Pourquoi faire un guide supplémentaire sur ce sujet ? Qu’a-t-il de différent des autres ?
A.A : Nous n’avions pas l’ambition de faire mieux que les autres guides, on ne peut pas faire LE « méga guide ». Nous voulons juste que tout le monde ait l’information. Certes, il y a déjà 15 000 guides, mais ce n’est jamais suffisant. Il faut celui de plus, celui qui sera peut-être lu parce qu’il est nouveau ou d’une autre couleur. C’est une volonté de diffusion de l’information. Le guide de Lille, par exemple, est déjà très complet, très didactique, mais il manquait les dispositifs mis en place. Les professionnels disent que les guides sont trop longs pour les victimes qui n’ont pas le temps. Notre guide va présenter de l’info courte, précise, complète, efficace, à la façon d’un dépliant de communication.
A.H.: C’est aussi pour que des territoires beaucoup moins dotés en moyens puissent avoir un outil.
A.A. : La MEL n’a pas de pouvoir de coercition, tout se fait sur la base du volontariat. Nous avons donc l’ambition d’être convaincants. Le groupe de travail, c’est la vraie force, ils sont aussi relais.
Quel budget est consacré au guide ?
A.A. : Notre budget pour la rédaction du guide et le spot est de 16 000€, avec une partie internalisée.

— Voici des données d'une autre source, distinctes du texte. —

(* Let $R=\nabla\vdash l\to r$ be a standard nominal rule. Then $\mathcal{T}(\nabla,l)\Rightarrow\mathcal{T}(\nabla,r)$ is a CRS rule.
   Context: Nominal terms: $s,t ::= a \mid \pi\cdot X \mid [a]s \mid f\,s \mid (s_1,\ldots,s_n)$ over atoms, variables, function symbols with arities and finite-support permutations $\pi$ of atoms. A freshness context is a set of constraints $a\#X$. A nominal rule $\nabla\vdash l\to r$ has all variables of $r$ and $\nabla$ occurring in $l$. $\nabla\vdash t$ is closed if: (1) every atom occurrence $a$ in $t$ lies under an abstraction $[a]$; (2) if $\pi\cdot X$ is in the scope of an abstraction of $\pi(a)$ then every occurrence $\pi'\cdot X$ of $X$ in $t$ is in the scope of an abstraction of $\pi'(a)$, or $a\#X\in\nabla$; (3) for two occurrences $\pi_1\cdot X,\pi_2\cdot X$ and $a$ with $\pi_1(a)\neq\pi_2(a)$, if $a$ is not abstracted in one of the occurrences then $a\#X\in\nabla$. A rule is standard if $\nabla\vdash(l,r)$ is closed and $l$ has the form $f\,s$. CRS: meta-terms $a\mid Z(t_1,\dots,t_n)\mid[a]t\mid f\,t\mid(t_1,\dots,t_n)$ with meta-variables of fixed arity; a CRS rule is a pair $l\Rightarrow r$ of closed meta-terms (no free variables) with $l=f(s_1,\dots,s_n)$, all meta-variables of $r$ occurring in $l$, and meta-variables in $l$ occurring only in the form $Z(a_1,\dots,a_n)$ with $a_1,\dots,a_n$ pairwise distinct bound variables. Translation: $\Lambda_t(X)$ is the set of atoms $a$ such that some occurrence of $X$ in $t$ is in the scope of $[a]$. With a fixed total order on atoms, $\mathcal{T}(\nabla,t)$ is obtained from $t$ by replacing each occurrence $\pi\cdot X$ by $X(\pi\cdot xs)$, where $xs$ is the ascending list of $\{\pi^{-1}(a)\mid a\in\Lambda_t(X)\}\setminus\{a\mid a\#X\in\nabla\}$ and $\pi$ is applied elementwise; other constructs kept unchanged. In $\mathcal{T}(\nabla,l)$, $\Lambda_l$ is used, and in $\mathcal{T}(\nabla,r)$, $\Lambda_r$. *)

From mathcomp Require Import all_boot.
From Stdlib Require List.
Set Implicit Arguments. Unset Strict Implicit. Unset Printing Implicit Defensive.

(* Atoms, (nominal) variables, CRS meta-variables and function symbols are
   all represented by natural numbers; the total order on atoms is <= on nat. *)
Definition atom := nat.
Definition var := nat.
Definition fsym := nat.

(* Finite-support permutations: finite compositions of swappings.
   The list [:: s1; ...; sn] denotes s1 o ... o sn. *)
Definition perm := seq (atom * atom).

Definition swap_at (s : atom * atom) (a : atom) : atom :=
  if a == s.1 then s.2 else if a == s.2 then s.1 else a.

Definition papply (p : perm) (a : atom) : atom := foldr swap_at a p.
Definition pinv (p : perm) : perm := rev p.

Inductive nterm :=
| NAtom of atom
| NSusp of perm & var
| NAbs of atom & nterm
| NApp of fsym & nterm
| NTup of seq nterm.

(* Freshness contexts: finite sets of constraints a # X, given as lists. *)
Definition fctx := seq (atom * var).

Fixpoint vocc (B : seq atom) (t : nterm) : seq (seq atom * perm * var) :=
  match t with
  | NAtom _ => [::]
  | NSusp p X => [:: (B, p, X)]
  | NAbs a s => vocc (a :: B) s
  | NApp _ s => vocc B s
  | NTup ts => flatten (map (vocc B) ts)
  end.

Fixpoint aocc (B : seq atom) (t : nterm) : seq (seq atom * atom) :=
  match t with
  | NAtom a => [:: (B, a)]
  | NSusp _ _ => [::]
  | NAbs a s => aocc (a :: B) s
  | NApp _ s => aocc B s
  | NTup ts => flatten (map (aocc B) ts)
  end.

Definition nclosed (nab : fctx) (t : nterm) : Prop :=
  (forall B a, (B, a) \in aocc [::] t -> a \in B) /\
  (forall B p X a, (B, p, X) \in vocc [::] t -> papply p a \in B ->
     (forall B' p', (B', p', X) \in vocc [::] t -> papply p' a \in B')
     \/ (a, X) \in nab) /\
  (forall B1 p1 B2 p2 X a,
     (B1, p1, X) \in vocc [::] t -> (B2, p2, X) \in vocc [::] t ->
     papply p1 a != papply p2 a ->
     (papply p1 a \notin B1 \/ papply p2 a \notin B2) ->
     (a, X) \in nab).

Definition nrule (nab : fctx) (l r : nterm) : Prop :=
  (forall B p X, (B, p, X) \in vocc [::] r ->
     exists B' p', (B', p', X) \in vocc [::] l) /\
  (forall a X, (a, X) \in nab -> exists B p, (B, p, X) \in vocc [::] l).

Definition standard_rule (nab : fctx) (l r : nterm) : Prop :=
  nrule nab l r /\ nclosed nab (NTup [:: l; r]) /\ exists f s, l = NApp f s.

Inductive mterm :=
| MAtom of atom
| MMeta of var & seq mterm
| MAbs of atom & mterm
| MApp of fsym & mterm
| MTup of seq mterm.

Fixpoint maocc (B : seq atom) (t : mterm) : seq (seq atom * atom) :=
  match t with
  | MAtom a => [:: (B, a)]
  | MMeta _ ts => flatten (map (maocc B) ts)
  | MAbs a s => maocc (a :: B) s
  | MApp _ s => maocc B s
  | MTup ts => flatten (map (maocc B) ts)
  end.

Fixpoint mmocc (B : seq atom) (t : mterm) : seq (seq atom * var * seq mterm) :=
  match t with
  | MAtom _ => [::]
  | MMeta Z ts => (B, Z, ts) :: flatten (map (mmocc B) ts)
  | MAbs a s => mmocc (a :: B) s
  | MApp _ s => mmocc B s
  | MTup ts => flatten (map (mmocc B) ts)
  end.

Definition mclosed (t : mterm) : Prop :=
  forall B a, (B, a) \in maocc [::] t -> a \in B.

Definition crs_rule (l r : mterm) : Prop :=
  mclosed l /\ mclosed r /\
  (exists f s, l = MApp f s) /\
  (forall B Z ts, List.In (B, Z, ts) (mmocc [::] r) ->
     exists B' ts', List.In (B', Z, ts') (mmocc [::] l)) /\
  (forall B1 Z ts1 B2 ts2,
     List.In (B1, Z, ts1) (mmocc [::] l ++ mmocc [::] r) ->
     List.In (B2, Z, ts2) (mmocc [::] l ++ mmocc [::] r) ->
     size ts1 = size ts2) /\
  (forall B Z ts, List.In (B, Z, ts) (mmocc [::] l) ->
     exists as_ : seq atom, ts = map MAtom as_ /\ uniq as_ /\ all (mem B) as_).

Definition Lambda (t : nterm) (X : var) : seq atom :=
  flatten [seq o.1.1 | o <- vocc [::] t & o.2 == X].

Definition trans_args (nab : fctx) (Lam : seq atom) (p : perm) (X : var)
  : seq atom :=
  sort leq (undup [seq b <- [seq papply (pinv p) a | a <- Lam]
                    | (b, X) \notin nab]).

Fixpoint trans_with (nab : fctx) (Lam : var -> seq atom) (t : nterm) : mterm :=
  match t with
  | NAtom a => MAtom a
  | NSusp p X =>
      MMeta X (map (fun b => MAtom (papply p b)) (trans_args nab (Lam X) p X))
  | NAbs a s => MAbs a (trans_with nab Lam s)
  | NApp f s => MApp f (trans_with nab Lam s)
  | NTup ts => MTup (map (trans_with nab Lam) ts)
  end.

Definition Tr (nab : fctx) (t : nterm) : mterm := trans_with nab (Lambda t) t.

(** Closedness of [nab |- (l, r)] says that, for each variable X and each atom
    b not fresh for X, either every occurrence [p.X] has [p b] abstracted above
    it or none has.  Hence the argument list of [X] at an occurrence [(B, p)]
    consists exactly of the atoms [p b] with [p b] in [B] and [b # X] not in
    [nab]: all of them bound, pairwise distinct since [p] is injective, and as
    many at each occurrence of [X] in [l] or [r], since occurrences see the
    same set of such [b]. *)

From mathcomp Require Import all_boot.
From Stdlib Require List.
Set Implicit Arguments. Unset Strict Implicit.

Lemma swap_atK s : involutive (swap_at s).
Proof.
case: s => x y a; rewrite /swap_at /=.
case: (eqVneq a x) => [->|hx]; first by rewrite eqxx; case: eqVneq => [->|].
case: (eqVneq a y) => [->|hy]; first by rewrite eqxx.
by rewrite (negbTE hx) (negbTE hy).
Qed.

Lemma papply_pinv_cons s p a :
  papply (pinv (s :: p)) a = papply (pinv p) (swap_at s a).
Proof. by rewrite /papply /pinv rev_cons foldr_rcons. Qed.

Lemma papplyK p : cancel (papply p) (papply (pinv p)).
Proof. by elim: p => [//|s p IH] a; rewrite papply_pinv_cons /= swap_atK IH. Qed.

Lemma papplyVK p : cancel (papply (pinv p)) (papply p).
Proof. by elim: p => [//|s p IH] a; rewrite papply_pinv_cons /= IH swap_atK. Qed.

Definition nterm_nested_ind (P : nterm -> Prop)
  (Ha : forall a, P (NAtom a)) (Hs : forall p X, P (NSusp p X))
  (Hab : forall a s, P s -> P (NAbs a s)) (Hap : forall f s, P s -> P (NApp f s))
  (Ht : forall ts, (forall t, List.In t ts -> P t) -> P (NTup ts)) :
  forall t, P t :=
  fix F t := match t with
  | NAtom a => Ha a
  | NSusp p X => Hs p X
  | NAbs a s => Hab a s (F s)
  | NApp f s => Hap f s (F s)
  | NTup ts => Ht ts ((fix G (us : seq nterm) : forall t, List.In t us -> P t :=
       match us with
       | nil => fun t H => False_ind _ H
       | cons u us' => fun t H => match H with
           | or_introl e => eq_ind u P (F u) t e
           | or_intror H' => G us' t H' end end) ts)
  end.

Lemma flatten_map_InP (T : Type) (U : eqType) (f : T -> seq U) ts x :
  reflect (exists2 t, List.In t ts & x \in f t) (x \in flatten (map f ts)).
Proof.
elim: ts => [|t ts IH] /=; first by right=> -[].
rewrite mem_cat; apply: (iffP orP) => [[Hx|/IH[u Hu Hx]]|[u [<-|Hu] Hx]].
- by exists t; [left|].
- by exists u; [right|].
- by left.
- by right; apply/IH; exists u.
Qed.

Lemma In_flatten_map (T U : Type) (f : T -> seq U) ts x :
  List.In x (flatten (map f ts)) <-> exists2 t, List.In t ts & List.In x (f t).
Proof.
elim: ts => [|t ts IH] /=; first by split=> // -[].
rewrite List.in_app_iff IH.
split=> [[Hx|[u Hu Hx]]|[u [<-|Hu] Hx]]; by [exists t; [left|] | exists u; [right|]
  | left | right; exists u].
Qed.

Lemma maocc_atoms B (s : seq atom) :
  flatten (map (maocc B) (map MAtom s)) = [seq (B, a) | a <- s].
Proof. by elim: s => //= a s ->. Qed.

Lemma mmocc_atoms B (s : seq atom) : flatten (map (mmocc B) (map MAtom s)) = [::].
Proof. by elim: s. Qed.

Definition susp_atoms (nab : fctx) (Lam : var -> seq atom) (p : perm) (X : var)
  : seq atom := map (papply p) (trans_args nab (Lam X) p X).

Section Translation.
Variables (nab : fctx) (Lam : var -> seq atom).

Lemma trans_with_susp p X :
  trans_with nab Lam (NSusp p X) = MMeta X (map MAtom (susp_atoms nab Lam p X)).
Proof. by rewrite /= /susp_atoms -map_comp. Qed.

Lemma maocc_trans_with t B B' a :
  (B', a) \in maocc B (trans_with nab Lam t) ->
  (B', a) \in aocc B t \/
  exists p X, (B', p, X) \in vocc B t /\ a \in susp_atoms nab Lam p X.
Proof.
elim/nterm_nested_ind: t B => [c|p X|c s IH|f s IH|us IH] B.
- by left.
- rewrite trans_with_susp /= maocc_atoms => /mapP [b Hb [-> ->]].
  by right; exists p, X; rewrite mem_seq1 eqxx.
- exact: IH.
- exact: IH.
- rewrite /= -map_comp => /flatten_map_InP [t tus /(IH t tus)].
  case=> [Ha|[p [X [Ho Ha]]]]; [left|right; exists p, X; split=> //];
    by apply/flatten_map_InP; exists t.
Qed.

Lemma mmocc_trans_with t B B' Z ts :
  List.In (B', Z, ts) (mmocc B (trans_with nab Lam t)) <->
  exists2 p, (B', p, Z) \in vocc B t & ts = map MAtom (susp_atoms nab Lam p Z).
Proof.
elim/nterm_nested_ind: t B => [c|p X|c s IH|f s IH|us IH] B.
- by split=> // -[].
- rewrite trans_with_susp /= mmocc_atoms.
  split=> [[[<- <- <-]|//]|[q]]; first by exists p; rewrite ?mem_seq1.
  by rewrite mem_seq1 => /eqP [-> -> ->] ->; left.
- exact: IH.
- exact: IH.
- rewrite /= -map_comp.
  split=> [/In_flatten_map [t tus /(IH t tus B) [p Ho ts_eq]]|
           [p /flatten_map_InP [t tus Ho] ts_eq]].
  + by exists p => //; apply/flatten_map_InP; exists t.
  + by apply/In_flatten_map; exists t => //; apply/(IH t tus B); exists p.
Qed.

End Translation.

Lemma LambdaP t X a :
  reflect (exists B p, (B, p, X) \in vocc [::] t /\ a \in B) (a \in Lambda t X).
Proof.
apply: (iffP flattenP) => [[_ /mapP [[[B p] Y] Ho ->] Ha]|[B [p [Ho Ha]]]].
- by move: Ho; rewrite mem_filter /= => /andP [/eqP -> Ho]; exists B, p.
- by exists B => //; apply/mapP; exists (B, p, X); rewrite ?mem_filter ?eqxx.
Qed.

Lemma mem_trans_args nab Lam p X b :
  (b \in trans_args nab Lam p X) = ((b, X) \notin nab) && (papply p b \in Lam).
Proof.
rewrite /trans_args mem_sort mem_undup mem_filter; congr (_ && _).
apply/mapP/idP => [[a Ha ->]|Hb]; first by rewrite papplyVK.
by exists (papply p b); rewrite ?papplyK.
Qed.

Lemma trans_args_uniq nab Lam p X : uniq (trans_args nab Lam p X).
Proof. by rewrite sort_uniq undup_uniq. Qed.

Section ClosedTerm.
Variables (nab : fctx) (u : nterm).
Hypothesis u_closed : nclosed nab u.

Lemma abstracted_at_every_occ B1 p1 B2 p2 X b :
  (B1, p1, X) \in vocc [::] u -> (B2, p2, X) \in vocc [::] u ->
  (b, X) \notin nab -> papply p1 b \in B1 -> papply p2 b \in B2.
Proof.
case: u_closed => _ [abs_all _] Ho1 Ho2 Hn Hb.
by case: (abs_all _ _ _ _ Ho1 Hb) => [->//|Hc]; rewrite Hc in Hn.
Qed.

Lemma abstracted_at_occ B p X B' p' b :
  (B, p, X) \in vocc [::] u -> (B', p', X) \in vocc [::] u ->
  (b, X) \notin nab -> papply p b \in B' -> papply p b \in B.
Proof.
move=> Ho Ho' Hn Hb; apply/idPn => Hb'.
case: (eqVneq (papply p' b) (papply p b)) => [E|E].
- by move: Hb'; rewrite (abstracted_at_every_occ Ho' Ho Hn) // E.
- case: u_closed => _ [_ abs_same].
  have := abs_same _ _ _ _ _ b Ho Ho'; rewrite eq_sym E (negbTE Hn).
  by move=> /(_ isT (or_introl Hb')).
Qed.

Lemma mem_trans_args_occ t B p X b :
  {subset vocc [::] t <= vocc [::] u} -> (B, p, X) \in vocc [::] t ->
  (b \in trans_args nab (Lambda t X) p X) = ((b, X) \notin nab) && (papply p b \in B).
Proof.
move=> sub Ho; rewrite mem_trans_args.
apply/andP/andP => -[Hn Hb]; split=> //.
- case/LambdaP: Hb => B' [p' [Ho' Hb]].
  exact: abstracted_at_occ (sub _ Ho) (sub _ Ho') Hn Hb.
- by apply/LambdaP; exists B, p.
Qed.

Lemma susp_atoms_abstracted t B p X :
  {subset vocc [::] t <= vocc [::] u} -> (B, p, X) \in vocc [::] t ->
  {subset susp_atoms nab (Lambda t) p X <= B}.
Proof.
move=> sub Ho _ /mapP [b Hb ->].
by move: Hb; rewrite (mem_trans_args_occ b sub Ho) => /andP [].
Qed.

Lemma size_trans_args_occ t1 t2 B1 p1 B2 p2 X :
  {subset vocc [::] t1 <= vocc [::] u} -> {subset vocc [::] t2 <= vocc [::] u} ->
  (B1, p1, X) \in vocc [::] t1 -> (B2, p2, X) \in vocc [::] t2 ->
  size (trans_args nab (Lambda t1 X) p1 X) = size (trans_args nab (Lambda t2 X) p2 X).
Proof.
move=> sub1 sub2 Ho1 Ho2; apply/perm_size/uniq_perm; rewrite ?trans_args_uniq // => b.
rewrite (mem_trans_args_occ b sub1 Ho1) (mem_trans_args_occ b sub2 Ho2).
apply/andP/andP => -[Hn Hb]; split=> //.
- exact: abstracted_at_every_occ (sub1 _ Ho1) (sub2 _ Ho2) Hn Hb.
- exact: abstracted_at_every_occ (sub2 _ Ho2) (sub1 _ Ho1) Hn Hb.
Qed.

Lemma Tr_mclosed t :
  (forall B a, (B, a) \in aocc [::] t -> a \in B) ->
  {subset vocc [::] t <= vocc [::] u} -> mclosed (Tr nab t).
Proof.
move=> atoms_bound sub B a /maocc_trans_with [/atoms_bound //|[p [X [Ho Ha]]]].
exact: susp_atoms_abstracted Ho _ Ha.
Qed.

End ClosedTerm.

Theorem mainTheorem8 (nab : fctx) (l r : nterm) :
  standard_rule nab l r -> crs_rule (Tr nab l) (Tr nab r).
Proof.
move=> [[r_vars _] [lr_closed [f [s l_app]]]].
set u := NTup [:: l; r].
have sub_l : {subset vocc [::] l <= vocc [::] u}.
  by move=> o; rewrite /= cats0 mem_cat => ->.
have sub_r : {subset vocc [::] r <= vocc [::] u}.
  by move=> o; rewrite /= cats0 mem_cat => ->; rewrite orbT.
have [atoms_bound _] := lr_closed.
split; [|split; [|split; [|split; [|split]]]].
- apply: (Tr_mclosed lr_closed _ sub_l) => B a Ha.
  by apply: atoms_bound; rewrite /= cats0 mem_cat Ha.
- apply: (Tr_mclosed lr_closed _ sub_r) => B a Ha.
  by apply: atoms_bound; rewrite /= cats0 mem_cat Ha orbT.
- by rewrite /Tr l_app; exists f, (trans_with nab (Lambda (NApp f s)) s).
- move=> B Z ts /mmocc_trans_with [p /r_vars [B' [p' Ho']] _].
  exists B', (map MAtom (susp_atoms nab (Lambda l) p' Z)).
  by apply/mmocc_trans_with; exists p'.
- move=> B1 Z ts1 B2 ts2.
  have meta_occ B ts : List.In (B, Z, ts) (mmocc [::] (Tr nab l) ++ mmocc [::] (Tr nab r)) ->
      exists t p, [/\ {subset vocc [::] t <= vocc [::] u}, (B, p, Z) \in vocc [::] t
                    & ts = map MAtom (susp_atoms nab (Lambda t) p Z)].
    by case/List.in_app_iff => /mmocc_trans_with [p Ho ->]; [exists l | exists r]; exists p.
  move=> /meta_occ [t1 [p1 [sub1 Ho1 ->]]] /meta_occ [t2 [p2 [sub2 Ho2 ->]]].
  by rewrite !size_map (size_trans_args_occ lr_closed sub1 sub2 Ho1 Ho2).
- move=> B Z ts /mmocc_trans_with [p Ho ->].
  exists (susp_atoms nab (Lambda l) p Z); split=> //; split.
  + by rewrite map_inj_uniq ?trans_args_uniq //; apply: can_inj (papplyK p).
  + exact/allP/(susp_atoms_abstracted lr_closed sub_l Ho).
Qed.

Ça, c’est pour le premier jet. Il peut être revu à la hausse par la suite. Nous n’avons pas de budget pour un site avec les outils créés car nous n’avions pas d’intérêt à en créer un. Par contre, le film et le guide dématérialisés seront mis à disposition gratuitement sur les sites dédiés. L’idée, c’est que chacun puisse s’en saisir quand il veut et où il veut. Nous avons prévu un tirage gratuit pour les associations qui le souhaiteraient.
Et l’étape d’après ?
A.A. : Potentiellement un deuxième guide, adapté ou complété, toujours dans le schéma métropolitain. Par exemple sur les enfants victimes ou l’accompagnement des maris qui perpétuent les violences. Notre volonté, c’est de nous adapter aux problématiques d’actualité, ne pas s’en laver les mains dès que le guide sera terminé.